The LTS-6760JD is based on the principle of electroluminescence in a semiconductor p-n junction. The active region uses an AlInGaP multi-quantum well structure. When a forward voltage exceeding the junction's built-in potential is applied, electrons from the n-type region and holes from the p-type region are injected into the active region. There, they recombine, releasing energy in the form of photons. The specific composition of the AlInGaP alloy determines the bandgap energy, which directly corresponds to the wavelength (color) of the emitted light--in this case, approximately 650 nm (red). The non-transparent GaAs substrate absorbs any downward-emitted light, improving contrast by preventing light from escaping through the back of the chip. The light from the tiny LED chips is coupled into the plastic package, which is molded into the shape of seven segments plus a decimal point.
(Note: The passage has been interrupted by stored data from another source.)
Lemma compatible_nil_r e c : compatible e (c, [::]).
Proof. by split=> //=; rewrite /lsucc ?eqxx ?andbF. Qed.

Lemma compatible_singletons a b x y :
  x != y -> (a = lL -> b = lL -> y < x) -> (y = x.+1 -> a <> l0) ->
  (x = y.+1 -> b <> lH) -> compatible (a, [:: x]) (b, [:: y]).
Proof.
move=> xy diag horiz vert; split=> /= [z|aL bL u v|+|]; rewrite ?lsucc1.
- by rewrite !inE => /eqP->.
- by rewrite !inE => /eqP-> /eqP->; apply: diag.
- by move/eqP.
- by move/eqP.
Qed.

Lemma compatible_fuse_l e u o Up Lo U : U =i Up ++ Lo -> lsucc Up Lo ->
  compatible e (u, Up) -> compatible e (o, Lo) -> compatible e (u, U).
Proof.
case: e => c l eqU succ [/= dUp diagUp _ vertUp] [/= dLo _ horizLo _].
have [succUl succlU] := lsucc_fused l eqU succ.
have nUp : Up != [::] by case/and3P: succ.
split=> /= [x xl|cL uL y x|+|+]; rewrite ?succUl ?succlU //.
- by rewrite eqU mem_cat negb_or dUp ?dLo.
- rewrite eqU mem_cat => /orP[yUp|yLo] xl; first exact: diagUp.
  apply: ltn_trans (diagUp cL uL _ _ (lmin_mem nUp) xl).
  exact: lsucc_lt_label succ _ _ yLo (lmin_mem nUp).
Qed.

Lemma compatible_fuse_r e u o Up Lo U : U =i Up ++ Lo -> consecutive Lo ->
  lsucc Up Lo -> compatible (u, Up) e -> compatible (o, Lo) e -> compatible (u, U) e.
Proof.
case: e => c l eqU cLo succ [/= dUp diagUp horizUp _] [/= dLo _ _ vertLo].
have [succUl succlU] := lsucc_fused l eqU succ.
split=> /= [x|uL cL y x yl|+|+]; rewrite ?succUl ?succlU //.
- by rewrite eqU mem_cat => /orP[/dUp|/dLo].
- rewrite eqU mem_cat => /orP[xUp|xLo]; first exact: diagUp.
  exact: lt_label_lower cLo dLo succ (diagUp uL cL) _ _ yl xLo.
Qed.

Section PairwiseUpdate.

Variables (T : Type) (C : T -> Prop) (R : T -> T -> Prop).

Definition pairwise_on (f : nat -> T) : Prop :=
  (forall k, C (f k)) /\ (forall p q, p < q -> R (f p) (f q)).

Definition inherits (x y z : T) : Prop :=
  (forall e, R e x -> R e y -> R e z) /\ (forall e, R x e -> R y e -> R z e).

Lemma inheritsC x y z : inherits x y z -> inherits y x z.
Proof. by case=> l r; split=> e ? ?; [apply: l | apply: r]. Qed.

Lemma pairwise_on_update2 f g i : pairwise_on f ->
  (forall k, k != i -> k != i.+1 -> g k = f k) ->
  C (g i) -> C (g i.+1) -> R (g i) (g i.+1) ->
  inherits (f i) (f i.+1) (g i) -> inherits (f i) (f i.+1) (g i.+1) ->
  pairwise_on g.
Proof.
move=> [Cf Rf] gf Ci Ci1 Rii1 [li ri] [li1 ri1]; split=> [k|p q].
  have [->|ki] := eqVneq k i => //; have [->|ki1] := eqVneq k i.+1 => //.
  by rewrite gf.
have [->|pi] := eqVneq p i; [|have [->|pi1] := eqVneq p i.+1].
- have [->//|qi1] := eqVneq q i.+1 => ?.
  by rewrite (gf q); [apply: ri; apply: Rf | |]; lia.
- by move=> ?; rewrite (gf q); [apply: ri1; apply: Rf | |]; lia.
- rewrite (gf p) //.
  have [->|qi] := eqVneq q i => [?|]; first by apply: li; apply: Rf; lia.
  have [->|qi1] := eqVneq q i.+1 => ?; first by apply: li1; apply: Rf; lia.
  by rewrite gf //; apply: Rf.
Qed.

End PairwiseUpdate.

Definition entry (w : seq letter) (lab : seq label) (k : nat) : letter * label :=
  (nth l0 w k, nth [::] lab k).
The gray face absorbs ambient light to improve contrast, while the white segment areas diffuse and transmit the red light evenly.

14. Technology Trends

While through-hole seven-segment displays like the LTS-6760JD remain in use, the industry trend has strongly shifted towards surface-mount device (SMD) packages for most new designs, enabling smaller, thinner products and fully automated assembly. For the underlying LED technology, AlInGaP remains a dominant material for high-efficiency red, orange, and yellow LEDs. Ongoing development focuses on improving internal quantum efficiency (more photons per electron) and light extraction efficiency (getting more of those photons out of the chip). There is also a trend towards higher brightness and lower operating voltages. In display applications, integrated driver circuits and smart displays with serial interfaces (like I2C or SPI) are becoming more common, reducing the microcontroller I/O and software burden compared to direct segment driving. However, the basic seven-segment form factor and its utility for numeric readouts ensure its continued relevance across many industries.